[Saved data entries]
------------------------------------------------------------

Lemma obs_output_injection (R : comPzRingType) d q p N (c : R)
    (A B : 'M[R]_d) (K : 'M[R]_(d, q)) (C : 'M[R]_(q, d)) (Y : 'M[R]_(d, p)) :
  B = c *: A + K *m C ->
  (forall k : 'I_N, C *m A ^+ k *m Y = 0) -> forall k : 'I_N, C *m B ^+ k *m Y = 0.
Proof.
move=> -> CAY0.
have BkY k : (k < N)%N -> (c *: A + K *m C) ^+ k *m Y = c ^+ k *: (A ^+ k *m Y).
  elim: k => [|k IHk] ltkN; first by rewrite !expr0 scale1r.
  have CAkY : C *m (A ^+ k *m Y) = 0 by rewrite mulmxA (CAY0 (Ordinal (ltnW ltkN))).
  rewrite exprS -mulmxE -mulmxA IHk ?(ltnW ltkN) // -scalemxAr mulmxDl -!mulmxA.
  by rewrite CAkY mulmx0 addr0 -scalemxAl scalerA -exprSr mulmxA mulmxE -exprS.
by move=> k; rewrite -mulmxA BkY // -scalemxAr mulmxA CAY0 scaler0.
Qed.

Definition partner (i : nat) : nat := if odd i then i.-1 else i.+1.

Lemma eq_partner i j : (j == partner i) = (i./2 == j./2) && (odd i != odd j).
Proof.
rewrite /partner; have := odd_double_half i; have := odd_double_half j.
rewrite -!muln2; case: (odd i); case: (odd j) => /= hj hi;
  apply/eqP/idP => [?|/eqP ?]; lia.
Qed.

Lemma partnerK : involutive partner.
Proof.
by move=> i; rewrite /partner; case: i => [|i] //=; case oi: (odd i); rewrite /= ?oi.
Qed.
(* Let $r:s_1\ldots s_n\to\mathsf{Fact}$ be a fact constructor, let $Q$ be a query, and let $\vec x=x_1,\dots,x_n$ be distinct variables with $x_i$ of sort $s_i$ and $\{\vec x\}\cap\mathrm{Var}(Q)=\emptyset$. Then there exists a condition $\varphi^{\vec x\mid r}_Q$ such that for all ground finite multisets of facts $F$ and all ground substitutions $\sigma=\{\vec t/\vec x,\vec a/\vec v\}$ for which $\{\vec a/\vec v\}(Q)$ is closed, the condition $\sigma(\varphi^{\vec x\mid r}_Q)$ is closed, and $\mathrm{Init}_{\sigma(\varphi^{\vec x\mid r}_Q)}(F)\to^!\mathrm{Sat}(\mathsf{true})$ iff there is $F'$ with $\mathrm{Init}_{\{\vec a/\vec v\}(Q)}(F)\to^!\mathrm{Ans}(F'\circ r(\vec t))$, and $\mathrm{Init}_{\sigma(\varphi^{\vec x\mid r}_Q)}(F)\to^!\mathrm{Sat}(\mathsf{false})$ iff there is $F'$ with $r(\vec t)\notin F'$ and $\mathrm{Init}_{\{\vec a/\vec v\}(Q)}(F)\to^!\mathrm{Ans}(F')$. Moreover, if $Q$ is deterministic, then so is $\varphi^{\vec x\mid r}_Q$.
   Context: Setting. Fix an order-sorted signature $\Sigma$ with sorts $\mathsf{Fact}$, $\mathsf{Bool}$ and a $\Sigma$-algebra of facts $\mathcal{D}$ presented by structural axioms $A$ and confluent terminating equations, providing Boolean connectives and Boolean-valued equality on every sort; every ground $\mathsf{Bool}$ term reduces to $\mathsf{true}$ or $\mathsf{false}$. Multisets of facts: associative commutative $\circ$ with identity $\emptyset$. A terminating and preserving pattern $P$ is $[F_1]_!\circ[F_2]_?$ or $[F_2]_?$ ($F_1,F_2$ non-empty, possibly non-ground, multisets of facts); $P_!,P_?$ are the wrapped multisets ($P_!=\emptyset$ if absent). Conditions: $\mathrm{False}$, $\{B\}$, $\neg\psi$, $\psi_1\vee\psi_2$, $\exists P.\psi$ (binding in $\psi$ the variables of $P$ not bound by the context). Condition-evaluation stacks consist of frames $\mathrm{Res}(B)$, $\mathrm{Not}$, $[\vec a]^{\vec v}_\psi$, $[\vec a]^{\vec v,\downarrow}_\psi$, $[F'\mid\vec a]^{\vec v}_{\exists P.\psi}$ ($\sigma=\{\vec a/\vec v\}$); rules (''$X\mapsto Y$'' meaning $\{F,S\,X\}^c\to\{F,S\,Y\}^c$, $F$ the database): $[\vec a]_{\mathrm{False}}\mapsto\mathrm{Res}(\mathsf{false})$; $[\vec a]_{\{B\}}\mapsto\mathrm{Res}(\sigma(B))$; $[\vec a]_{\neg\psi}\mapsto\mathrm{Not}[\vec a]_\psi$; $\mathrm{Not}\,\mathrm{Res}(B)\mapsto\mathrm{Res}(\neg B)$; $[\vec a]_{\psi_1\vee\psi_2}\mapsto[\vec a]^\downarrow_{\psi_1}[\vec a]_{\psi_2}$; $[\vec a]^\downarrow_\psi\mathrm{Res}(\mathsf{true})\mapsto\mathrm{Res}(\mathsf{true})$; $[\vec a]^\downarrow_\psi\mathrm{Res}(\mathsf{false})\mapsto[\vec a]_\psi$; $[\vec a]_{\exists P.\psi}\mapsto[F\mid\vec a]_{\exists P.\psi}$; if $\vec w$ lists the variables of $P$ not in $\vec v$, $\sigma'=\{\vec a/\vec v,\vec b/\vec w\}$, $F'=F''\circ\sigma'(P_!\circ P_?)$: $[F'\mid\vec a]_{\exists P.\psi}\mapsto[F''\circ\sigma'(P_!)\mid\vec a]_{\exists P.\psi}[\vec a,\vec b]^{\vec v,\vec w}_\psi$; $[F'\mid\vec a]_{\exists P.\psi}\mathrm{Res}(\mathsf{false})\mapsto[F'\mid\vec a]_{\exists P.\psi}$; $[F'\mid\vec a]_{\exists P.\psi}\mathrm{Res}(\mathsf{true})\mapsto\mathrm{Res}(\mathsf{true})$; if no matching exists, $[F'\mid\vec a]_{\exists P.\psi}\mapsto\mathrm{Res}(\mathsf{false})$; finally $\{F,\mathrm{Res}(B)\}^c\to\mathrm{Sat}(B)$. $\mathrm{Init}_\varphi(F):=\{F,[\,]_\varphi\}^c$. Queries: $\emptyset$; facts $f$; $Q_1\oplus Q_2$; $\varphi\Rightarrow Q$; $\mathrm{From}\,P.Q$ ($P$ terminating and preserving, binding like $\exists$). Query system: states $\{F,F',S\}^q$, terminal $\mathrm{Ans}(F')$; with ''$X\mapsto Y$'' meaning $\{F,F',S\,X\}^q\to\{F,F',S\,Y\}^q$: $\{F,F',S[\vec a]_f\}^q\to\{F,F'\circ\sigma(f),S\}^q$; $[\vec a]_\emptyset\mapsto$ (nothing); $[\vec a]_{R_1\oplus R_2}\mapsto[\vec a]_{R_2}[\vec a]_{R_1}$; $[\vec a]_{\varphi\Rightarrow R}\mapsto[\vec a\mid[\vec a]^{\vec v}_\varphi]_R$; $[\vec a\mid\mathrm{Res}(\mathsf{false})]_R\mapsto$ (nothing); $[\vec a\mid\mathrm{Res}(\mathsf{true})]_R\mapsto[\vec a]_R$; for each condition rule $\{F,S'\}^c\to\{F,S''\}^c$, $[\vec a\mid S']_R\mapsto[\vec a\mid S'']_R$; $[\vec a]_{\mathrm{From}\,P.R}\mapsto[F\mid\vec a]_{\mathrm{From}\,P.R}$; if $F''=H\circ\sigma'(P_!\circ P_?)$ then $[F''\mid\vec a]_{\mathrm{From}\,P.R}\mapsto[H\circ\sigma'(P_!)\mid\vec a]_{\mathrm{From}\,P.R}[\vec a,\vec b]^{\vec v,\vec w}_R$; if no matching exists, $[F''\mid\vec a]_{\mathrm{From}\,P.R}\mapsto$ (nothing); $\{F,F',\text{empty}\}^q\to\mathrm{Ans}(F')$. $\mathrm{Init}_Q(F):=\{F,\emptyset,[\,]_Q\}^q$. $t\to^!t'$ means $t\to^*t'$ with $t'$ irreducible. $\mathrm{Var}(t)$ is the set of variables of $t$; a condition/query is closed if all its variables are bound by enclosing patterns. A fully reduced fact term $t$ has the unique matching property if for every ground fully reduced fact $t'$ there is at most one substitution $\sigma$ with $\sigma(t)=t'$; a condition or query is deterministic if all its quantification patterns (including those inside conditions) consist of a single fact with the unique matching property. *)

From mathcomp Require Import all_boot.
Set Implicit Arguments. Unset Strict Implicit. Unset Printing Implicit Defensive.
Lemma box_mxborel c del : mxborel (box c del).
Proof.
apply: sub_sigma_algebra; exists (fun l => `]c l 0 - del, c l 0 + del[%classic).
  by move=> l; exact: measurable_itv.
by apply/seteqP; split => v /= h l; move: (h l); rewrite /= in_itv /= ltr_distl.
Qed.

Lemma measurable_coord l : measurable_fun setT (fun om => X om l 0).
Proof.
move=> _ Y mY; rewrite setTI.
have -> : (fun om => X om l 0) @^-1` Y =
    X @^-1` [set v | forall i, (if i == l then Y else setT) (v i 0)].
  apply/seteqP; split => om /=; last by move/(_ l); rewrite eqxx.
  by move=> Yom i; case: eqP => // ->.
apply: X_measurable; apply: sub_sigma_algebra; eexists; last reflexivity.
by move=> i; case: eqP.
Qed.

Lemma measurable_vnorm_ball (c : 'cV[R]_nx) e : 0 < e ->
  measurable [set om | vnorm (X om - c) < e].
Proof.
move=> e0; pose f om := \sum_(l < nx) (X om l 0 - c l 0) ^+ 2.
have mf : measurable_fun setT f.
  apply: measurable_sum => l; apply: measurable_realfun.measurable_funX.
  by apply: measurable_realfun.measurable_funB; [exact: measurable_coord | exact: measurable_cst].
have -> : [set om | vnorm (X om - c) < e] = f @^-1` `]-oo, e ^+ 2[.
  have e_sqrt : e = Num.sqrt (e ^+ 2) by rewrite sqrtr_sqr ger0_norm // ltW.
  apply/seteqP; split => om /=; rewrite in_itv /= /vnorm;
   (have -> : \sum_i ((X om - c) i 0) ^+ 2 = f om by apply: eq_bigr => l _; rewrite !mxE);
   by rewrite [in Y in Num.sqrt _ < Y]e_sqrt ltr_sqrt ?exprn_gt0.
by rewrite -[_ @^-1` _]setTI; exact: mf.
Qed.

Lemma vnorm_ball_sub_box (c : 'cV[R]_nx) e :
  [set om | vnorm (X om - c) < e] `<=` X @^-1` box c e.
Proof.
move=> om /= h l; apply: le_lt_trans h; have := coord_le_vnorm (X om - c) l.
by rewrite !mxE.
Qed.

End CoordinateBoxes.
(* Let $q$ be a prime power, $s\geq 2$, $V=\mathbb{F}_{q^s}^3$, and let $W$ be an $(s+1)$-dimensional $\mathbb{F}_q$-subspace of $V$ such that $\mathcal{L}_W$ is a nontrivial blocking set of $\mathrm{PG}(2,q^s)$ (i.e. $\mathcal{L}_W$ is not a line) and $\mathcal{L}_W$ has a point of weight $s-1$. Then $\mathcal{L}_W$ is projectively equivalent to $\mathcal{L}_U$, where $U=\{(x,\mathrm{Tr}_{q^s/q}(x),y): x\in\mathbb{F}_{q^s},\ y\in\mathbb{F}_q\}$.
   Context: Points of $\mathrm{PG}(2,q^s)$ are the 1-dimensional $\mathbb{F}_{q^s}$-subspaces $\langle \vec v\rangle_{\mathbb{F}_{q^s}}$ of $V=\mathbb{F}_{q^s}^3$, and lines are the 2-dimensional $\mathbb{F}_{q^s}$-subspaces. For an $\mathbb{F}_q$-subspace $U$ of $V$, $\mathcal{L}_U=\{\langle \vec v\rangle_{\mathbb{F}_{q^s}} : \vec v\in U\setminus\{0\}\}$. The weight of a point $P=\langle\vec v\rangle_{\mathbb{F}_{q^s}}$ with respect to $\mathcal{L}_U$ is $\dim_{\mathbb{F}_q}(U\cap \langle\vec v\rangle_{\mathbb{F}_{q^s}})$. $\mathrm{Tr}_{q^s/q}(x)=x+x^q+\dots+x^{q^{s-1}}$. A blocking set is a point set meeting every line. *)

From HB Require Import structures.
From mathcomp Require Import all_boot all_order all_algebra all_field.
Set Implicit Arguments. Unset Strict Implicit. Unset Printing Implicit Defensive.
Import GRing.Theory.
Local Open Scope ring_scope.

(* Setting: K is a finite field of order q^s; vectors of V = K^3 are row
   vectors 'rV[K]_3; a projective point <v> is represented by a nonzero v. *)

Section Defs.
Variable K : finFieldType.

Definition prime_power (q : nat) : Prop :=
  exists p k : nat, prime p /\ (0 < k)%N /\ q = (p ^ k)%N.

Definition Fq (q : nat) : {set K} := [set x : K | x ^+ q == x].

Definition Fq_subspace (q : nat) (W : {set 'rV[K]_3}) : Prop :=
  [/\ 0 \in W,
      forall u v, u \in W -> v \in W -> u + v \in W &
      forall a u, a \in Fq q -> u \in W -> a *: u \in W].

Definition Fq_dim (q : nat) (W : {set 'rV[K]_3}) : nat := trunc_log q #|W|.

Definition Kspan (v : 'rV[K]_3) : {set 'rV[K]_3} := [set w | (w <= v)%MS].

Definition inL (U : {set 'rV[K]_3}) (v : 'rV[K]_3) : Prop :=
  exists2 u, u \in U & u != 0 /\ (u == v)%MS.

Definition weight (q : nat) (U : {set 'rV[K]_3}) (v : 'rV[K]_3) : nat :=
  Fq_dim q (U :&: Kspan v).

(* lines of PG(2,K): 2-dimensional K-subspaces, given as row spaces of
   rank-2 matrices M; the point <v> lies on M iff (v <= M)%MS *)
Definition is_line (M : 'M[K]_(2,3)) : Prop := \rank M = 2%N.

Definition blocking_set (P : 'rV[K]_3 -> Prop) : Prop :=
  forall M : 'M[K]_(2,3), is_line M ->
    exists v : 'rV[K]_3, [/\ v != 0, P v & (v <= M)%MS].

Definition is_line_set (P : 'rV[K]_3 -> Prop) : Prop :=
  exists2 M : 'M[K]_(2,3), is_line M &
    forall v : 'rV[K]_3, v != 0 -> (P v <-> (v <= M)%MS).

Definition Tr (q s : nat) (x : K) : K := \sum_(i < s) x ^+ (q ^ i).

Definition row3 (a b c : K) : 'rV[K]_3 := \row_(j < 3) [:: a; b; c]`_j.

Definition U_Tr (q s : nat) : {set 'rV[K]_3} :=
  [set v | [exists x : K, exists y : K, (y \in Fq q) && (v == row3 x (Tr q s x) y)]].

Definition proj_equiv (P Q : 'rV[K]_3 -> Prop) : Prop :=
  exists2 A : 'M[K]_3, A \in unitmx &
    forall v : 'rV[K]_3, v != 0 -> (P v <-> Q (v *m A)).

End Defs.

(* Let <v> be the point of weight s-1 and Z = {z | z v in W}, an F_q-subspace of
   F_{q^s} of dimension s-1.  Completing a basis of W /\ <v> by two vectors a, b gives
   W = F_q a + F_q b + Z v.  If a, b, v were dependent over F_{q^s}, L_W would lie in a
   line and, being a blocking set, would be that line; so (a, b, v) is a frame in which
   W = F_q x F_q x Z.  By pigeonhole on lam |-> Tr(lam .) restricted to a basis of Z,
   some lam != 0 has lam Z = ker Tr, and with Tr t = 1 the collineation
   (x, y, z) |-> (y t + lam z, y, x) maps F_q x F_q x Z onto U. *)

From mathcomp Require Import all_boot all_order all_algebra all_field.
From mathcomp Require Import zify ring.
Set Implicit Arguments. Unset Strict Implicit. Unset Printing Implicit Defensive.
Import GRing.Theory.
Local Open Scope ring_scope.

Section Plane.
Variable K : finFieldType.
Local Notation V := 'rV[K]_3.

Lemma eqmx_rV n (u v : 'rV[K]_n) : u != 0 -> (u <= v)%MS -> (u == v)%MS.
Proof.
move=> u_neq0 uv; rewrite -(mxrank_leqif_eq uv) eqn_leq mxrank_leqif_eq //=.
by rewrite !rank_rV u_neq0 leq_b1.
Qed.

------------------------------------------------------------

What is required » Please give back, exactly as it stands above, the stretch from the line with "forall a u, a" through the line with "Definition weight (q", and no line outside it.

Answer space »
      forall a u, a \in Fq q -> u \in W -> a *: u \in W].

Definition Fq_dim (q : nat) (W : {set 'rV[K]_3}) : nat := trunc_log q #|W|.

Definition Kspan (v : 'rV[K]_3) : {set 'rV[K]_3} := [set w | (w <= v)%MS].

Definition inL (U : {set 'rV[K]_3}) (v : 'rV[K]_3) : Prop :=
  exists2 u, u \in U & u != 0 /\ (u == v)%MS.

Definition weight (q : nat) (U : {set 'rV[K]_3}) (v : 'rV[K]_3) : nat :=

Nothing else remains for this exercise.